Task to carry out:
Please write each record out again word for word.

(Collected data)
# # #

(* Let $n\ge1$ and let $G$ be a nontrivial compact group with trivial center. Then $d^{(n)}(G)\le\frac{2^n-1}{2^n}$.
   Context: For a compact group $X$, $\mu_X$ denotes its normalized Haar measure and $\mu_X^m$ the product measure on $X^m$. Commutators: $[x,y]=x^{-1}y^{-1}xy$, $[x_1,\dots,x_{k+1}]=[[x_1,\dots,x_k],x_{k+1}]$. For a compact group $X$, $d^{(n)}(X)=\mu_X^{n+1}(\{(x_1,\dots,x_{n+1})\in X^{n+1}: [x_1,\dots,x_{n+1}]=1\})$. *)

From HB Require Import structures.
From mathcomp Require Import all_boot all_order all_algebra.
From mathcomp Require Import all_classical all_reals all_analysis.
Set Implicit Arguments. Unset Strict Implicit. Unset Printing Implicit Defensive.
Import Order.TTheory GRing.Theory Num.Theory.
Local Open Scope classical_set_scope.
Local Open Scope ring_scope.

Definition borel (X : topologicalType) : set (set X) := <<s open >>.

Record compact_group (G : topologicalType) (mul : G -> G -> G) (inv : G -> G)
    (e : G) : Prop := CompactGroup {
  cg_mulA : associative mul;
  cg_mul1 : left_id e mul;
  cg_mulV : forall x, mul (inv x) x = e;
  cg_hausdorff : hausdorff_space G;
  cg_compact : compact [set: G];
  cg_mul_cont : continuous (fun p : G * G => mul p.1 p.2);
  cg_inv_cont : continuous inv }.

Record haar_probability (R : realType) (X : topologicalType)
    (mul : X -> X -> X) (mu : set X -> \bar R) : Prop := HaarProbability {
  haar0 : mu set0 = 0%E;
  haar_ge0 : forall A, borel A -> (0 <= mu A)%E;
  haar_sigma_additive : forall F : nat -> set X,
    (forall i, borel (F i)) -> trivIset setT F ->
    (fun k => \sum_(0 <= i < k) mu (F i))%E @ \oo --> mu (\bigcup_i F i);
  haarT : mu setT = 1%E;
  haar_left_invariant : forall x A, borel A ->
    mu [set mul x y | y in A] = mu A;
  haar_inner_regular : forall A, borel A ->
    mu A = ereal_sup [set mu K | K in [set K | compact K /\ K `<=` A]] }.

Definition commg (G : Type) (mul : G -> G -> G) (inv : G -> G) (x y : G) : G :=
  mul (mul (mul (inv x) (inv y)) x) y.

Definition itercomm (G : Type) (mul : G -> G -> G) (inv : G -> G) (e : G)
    (s : seq G) : G :=
  match s with
  | [::] => e
  | x :: t => foldl (commg mul inv) x t
  end.

Definition power_group (G : topologicalType) (m : nat) : topologicalType :=
  {ptws 'I_m -> G}.

Definition pmul (G : topologicalType) (m : nat) (mul : G -> G -> G)
    (f g : power_group G m) : power_group G m := fun i => mul (f i) (g i).

Definition comm_set (G : topologicalType) (mul : G -> G -> G) (inv : G -> G)
    (e : G) (n : nat) : set (power_group G n.+1) :=
  [set x | itercomm mul inv e [seq x i | i <- enum 'I_n.+1] = e].

From Pilot Require Import Defs.
From HB Require Import structures.
From mathcomp Require Import all_boot all_order all_algebra.
From mathcomp Require Import all_classical all_reals all_analysis.
From mathcomp Require Import all_fingroup.
From mathcomp Require Import lra zify.
Import Order.TTheory GRing.Theory Num.Theory.
Local Open Scope classical_set_scope.
Local Open Scope ring_scope.
Set Implicit Arguments. Unset Strict Implicit. Unset Printing Implicit Defensive.

(* Let P_k be the set of tuples with [x_0, ..., x_k] = 1, so that the
   probability in question is mu(P_n), and P_(k-1) is contained in P_k.  Off
   P_(k-1) the commutator c = [x_0, ..., x_(k-1)] is nontrivial, hence not
   central: [c, b] <> 1 for some b.  Multiplying the k-th coordinate by b maps
   the part of P_k where [c, b] <> 1 onto a disjoint set of the same Haar
   measure; inner regularity and compactness reduce to finitely many b.  So P_k
   fills at most half of the complement of P_(k-1), i.e.
   1 - mu(P_k) >= (1 - mu(P_(k-1))) / 2, and it remains to show mu(P_1) <= 1/2.
   If G is infinite, points are null, so mu(P_0) = 0 and the same step applies.
   If G is finite, mu(P_1) = k(G) / |G| with k(G) the number of conjugacy
   classes, and 2 k(G) <= |G| because every nontrivial class has at least two
   elements and its size divides |G|. *)

Section GroupAxioms.
Context {T : Type} (mul : T -> T -> T) (inv : T -> T) (e : T).
Hypotheses (mulA : associative mul) (mul1 : left_id e mul)
  (mulV : forall x, mul (inv x) x = e).

Lemma gmulKg x y : mul (inv x) (mul x y) = y.
Proof. by rewrite mulA mulV mul1. Qed.
(* Let $\eta=(\eta_{\alpha\beta})_{\alpha,\beta=1}^n$ be a constant symmetric invertible matrix with inverse $(\eta^{\alpha\beta})$, and let $F(t^1,\dots,t^n)$ satisfy the associativity equations $$\frac{\partial^3 F}{\partial t^\alpha\partial t^\beta\partial t^\lambda}\eta^{\lambda\mu}\frac{\partial^3 F}{\partial t^\gamma\partial t^\delta\partial t^\mu}=\frac{\partial^3 F}{\partial t^\gamma\partial t^\beta\partial t^\lambda}\eta^{\lambda\mu}\frac{\partial^3 F}{\partial t^\alpha\partial t^\delta\partial t^\mu}\quad\text{for all }\alpha,\beta,\gamma,\delta.$$ Define $$\widetilde F(t^0,t^1,\dots,t^n,t^{n+1})=\frac12\left(\eta_{\alpha\beta}t^\alpha t^\beta t^0+(t^0)^2t^{n+1}\right)+F(t^1,\dots,t^n)$$ and the $(n+2)\times(n+2)$ matrix (indices $0,1,\dots,n,n+1$) $$\widetilde\eta=\begin{pmatrix}0&0&1\\0&\eta&0\\1&0&0\end{pmatrix}.$$ Then $\widetilde F$ satisfies the associativity equations in the variables $t^0,\dots,t^{n+1}$ with $\eta$ replaced by $\widetilde\eta$ (and $\eta^{\lambda\mu}$ by the entries $\widetilde\eta^{kl}$ of $\widetilde\eta^{-1}$); the algebra with basis $e_0,\dots,e_{n+1}$ and multiplication $e_i\cdot e_j=c^k_{ij}e_k$, $c^k_{ij}=\widetilde\eta^{kl}\frac{\partial^3\widetilde F}{\partial t^l\partial t^i\partial t^j}$, is associative, has unity $e_0$ (i.e. $e_0\cdot e_k=e_k$ for all $k=0,\dots,n+1$), and $e_{n+1}^2=0$. Moreover, if $F$ is quasihomogeneous, i.e. $F(\lambda^{d_1}t^1,\dots,\lambda^{d_n}t^n)=\lambda^{d_F}F(t^1,\dots,t^n)$, and there is a constant $c$ with $d_\alpha+d_\beta=c$ for all $\alpha,\beta$ such that $\eta_{\alpha\beta}\neq0$, then $\widetilde F$ is quasihomogeneous with the same $d_F$, the same $d_1,\dots,d_n$, and $d_0=d_F-c$, $d_{n+1}=2c-d_F$.
   Context: Summation over repeated indices is understood. Quasihomogeneity of a function $G(t^0,\dots,t^{n+1})$ with exponents $d_0,\dots,d_{n+1}$ and degree $d_G$ means $G(\lambda^{d_0}t^0,\dots,\lambda^{d_{n+1}}t^{n+1})=\lambda^{d_G}G(t^0,\dots,t^{n+1})$. *)

From HB Require Import structures.
From mathcomp Require Import all_boot all_order all_algebra.
From mathcomp Require Import all_classical all_reals all_analysis.
Set Implicit Arguments. Unset Strict Implicit. Unset Printing Implicit Defensive.
Import Order.TTheory GRing.Theory Num.Theory.
Import numFieldNormedType.Exports.
Local Open Scope ring_scope.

# # #

Answer box:
(* Let $n\ge1$ and let $G$ be a nontrivial compact group with trivial center. Then $d^{(n)}(G)\le\frac{2^n-1}{2^n}$.
   Context: For a compact group $X$, $\mu_X$ denotes its normalized Haar measure and $\mu_X^m$ the product measure on $X^m$. Commutators: $[x,y]=x^{-1}y^{-1}xy$, $[x_1,\dots,x_{k+1}]=[[x_1,\dots,x_k],x_{k+1}]$. For a compact group $X$, $d^{(n)}(X)=\mu_X^{n+1}(\{(x_1,\dots,x_{n+1})\in X^{n+1}: [x_1,\dots,x_{n+1}]=1\})$. *)

From HB Require Import structures.
From mathcomp Require Import all_boot all_order all_algebra.
From mathcomp Require Import all_classical all_reals all_analysis.
Set Implicit Arguments. Unset Strict Implicit. Unset Printing Implicit Defensive.
Import Order.TTheory GRing.Theory Num.Theory.
Local Open Scope classical_set_scope.
Local Open Scope ring_scope.

Definition borel (X : topologicalType) : set (set X) := <<s open >>.

Record compact_group (G : topologicalType) (mul : G -> G -> G) (inv : G -> G)
    (e : G) : Prop := CompactGroup {
  cg_mulA : associative mul;
  cg_mul1 : left_id e mul;
  cg_mulV : forall x, mul (inv x) x = e;
  cg_hausdorff : hausdorff_space G;
  cg_compact : compact [set: G];
  cg_mul_cont : continuous (fun p : G * G => mul p.1 p.2);
  cg_inv_cont : continuous inv }.

Record haar_probability (R : realType) (X : topologicalType)
    (mul : X -> X -> X) (mu : set X -> \bar R) : Prop := HaarProbability {
  haar0 : mu set0 = 0%E;
  haar_ge0 : forall A, borel A -> (0 <= mu A)%E;
  haar_sigma_additive : forall F : nat -> set X,
    (forall i, borel (F i)) -> trivIset setT F ->
    (fun k => \sum_(0 <= i < k) mu (F i))%E @ \oo --> mu (\bigcup_i F i);
  haarT : mu setT = 1%E;
  haar_left_invariant : forall x A, borel A ->
    mu [set mul x y | y in A] = mu A;
  haar_inner_regular : forall A, borel A ->
    mu A = ereal_sup [set mu K | K in [set K | compact K /\ K `<=` A]] }.

Definition commg (G : Type) (mul : G -> G -> G) (inv : G -> G) (x y : G) : G :=
  mul (mul (mul (inv x) (inv y)) x) y.

Definition itercomm (G : Type) (mul : G -> G -> G) (inv : G -> G) (e : G)
    (s : seq G) : G :=
  match s with
  | [::] => e
  | x :: t => foldl (commg mul inv) x t
  end.

Definition power_group (G : topologicalType) (m : nat) : topologicalType :=
  {ptws 'I_m -> G}.

Definition pmul (G : topologicalType) (m : nat) (mul : G -> G -> G)
    (f g : power_group G m) : power_group G m := fun i => mul (f i) (g i).

Definition comm_set (G : topologicalType) (mul : G -> G -> G) (inv : G -> G)
    (e : G) (n : nat) : set (power_group G n.+1) :=
  [set x | itercomm mul inv e [seq x i | i <- enum 'I_n.+1] = e].

From Pilot Require Import Defs.
From HB Require Import structures.
From mathcomp Require Import all_boot all_order all_algebra.
From mathcomp Require Import all_classical all_reals all_analysis.
From mathcomp Require Import all_fingroup.
From mathcomp Require Import lra zify.
Import Order.TTheory GRing.Theory Num.Theory.
Local Open Scope classical_set_scope.
Local Open Scope ring_scope.
Set Implicit Arguments. Unset Strict Implicit. Unset Printing Implicit Defensive.

(* Let P_k be the set of tuples with [x_0, ..., x_k] = 1, so that the
   probability in question is mu(P_n), and P_(k-1) is contained in P_k.  Off
   P_(k-1) the commutator c = [x_0, ..., x_(k-1)] is nontrivial, hence not
   central: [c, b] <> 1 for some b.  Multiplying the k-th coordinate by b maps
   the part of P_k where [c, b] <> 1 onto a disjoint set of the same Haar
   measure; inner regularity and compactness reduce to finitely many b.  So P_k
   fills at most half of the complement of P_(k-1), i.e.
   1 - mu(P_k) >= (1 - mu(P_(k-1))) / 2, and it remains to show mu(P_1) <= 1/2.
   If G is infinite, points are null, so mu(P_0) = 0 and the same step applies.
   If G is finite, mu(P_1) = k(G) / |G| with k(G) the number of conjugacy
   classes, and 2 k(G) <= |G| because every nontrivial class has at least two
   elements and its size divides |G|. *)

Section GroupAxioms.
Context {T : Type} (mul : T -> T -> T) (inv : T -> T) (e : T).
Hypotheses (mulA : associative mul) (mul1 : left_id e mul)
  (mulV : forall x, mul (inv x) x = e).

Lemma gmulKg x y : mul (inv x) (mul x y) = y.
Proof. by rewrite mulA mulV mul1. Qed.
(* Let $\eta=(\eta_{\alpha\beta})_{\alpha,\beta=1}^n$ be a constant symmetric invertible matrix with inverse $(\eta^{\alpha\beta})$, and let $F(t^1,\dots,t^n)$ satisfy the associativity equations $$\frac{\partial^3 F}{\partial t^\alpha\partial t^\beta\partial t^\lambda}\eta^{\lambda\mu}\frac{\partial^3 F}{\partial t^\gamma\partial t^\delta\partial t^\mu}=\frac{\partial^3 F}{\partial t^\gamma\partial t^\beta\partial t^\lambda}\eta^{\lambda\mu}\frac{\partial^3 F}{\partial t^\alpha\partial t^\delta\partial t^\mu}\quad\text{for all }\alpha,\beta,\gamma,\delta.$$ Define $$\widetilde F(t^0,t^1,\dots,t^n,t^{n+1})=\frac12\left(\eta_{\alpha\beta}t^\alpha t^\beta t^0+(t^0)^2t^{n+1}\right)+F(t^1,\dots,t^n)$$ and the $(n+2)\times(n+2)$ matrix (indices $0,1,\dots,n,n+1$) $$\widetilde\eta=\begin{pmatrix}0&0&1\\0&\eta&0\\1&0&0\end{pmatrix}.$$ Then $\widetilde F$ satisfies the associativity equations in the variables $t^0,\dots,t^{n+1}$ with $\eta$ replaced by $\widetilde\eta$ (and $\eta^{\lambda\mu}$ by the entries $\widetilde\eta^{kl}$ of $\widetilde\eta^{-1}$); the algebra with basis $e_0,\dots,e_{n+1}$ and multiplication $e_i\cdot e_j=c^k_{ij}e_k$, $c^k_{ij}=\widetilde\eta^{kl}\frac{\partial^3\widetilde F}{\partial t^l\partial t^i\partial t^j}$, is associative, has unity $e_0$ (i.e. $e_0\cdot e_k=e_k$ for all $k=0,\dots,n+1$), and $e_{n+1}^2=0$. Moreover, if $F$ is quasihomogeneous, i.e. $F(\lambda^{d_1}t^1,\dots,\lambda^{d_n}t^n)=\lambda^{d_F}F(t^1,\dots,t^n)$, and there is a constant $c$ with $d_\alpha+d_\beta=c$ for all $\alpha,\beta$ such that $\eta_{\alpha\beta}\neq0$, then $\widetilde F$ is quasihomogeneous with the same $d_F$, the same $d_1,\dots,d_n$, and $d_0=d_F-c$, $d_{n+1}=2c-d_F$.
   Context: Summation over repeated indices is understood. Quasihomogeneity of a function $G(t^0,\dots,t^{n+1})$ with exponents $d_0,\dots,d_{n+1}$ and degree $d_G$ means $G(\lambda^{d_0}t^0,\dots,\lambda^{d_{n+1}}t^{n+1})=\lambda^{d_G}G(t^0,\dots,t^{n+1})$. *)

From HB Require Import structures.
From mathcomp Require Import all_boot all_order all_algebra.
From mathcomp Require Import all_classical all_reals all_analysis.
Set Implicit Arguments. Unset Strict Implicit. Unset Printing Implicit Defensive.
Import Order.TTheory GRing.Theory Num.Theory.
Import numFieldNormedType.Exports.
Local Open Scope ring_scope.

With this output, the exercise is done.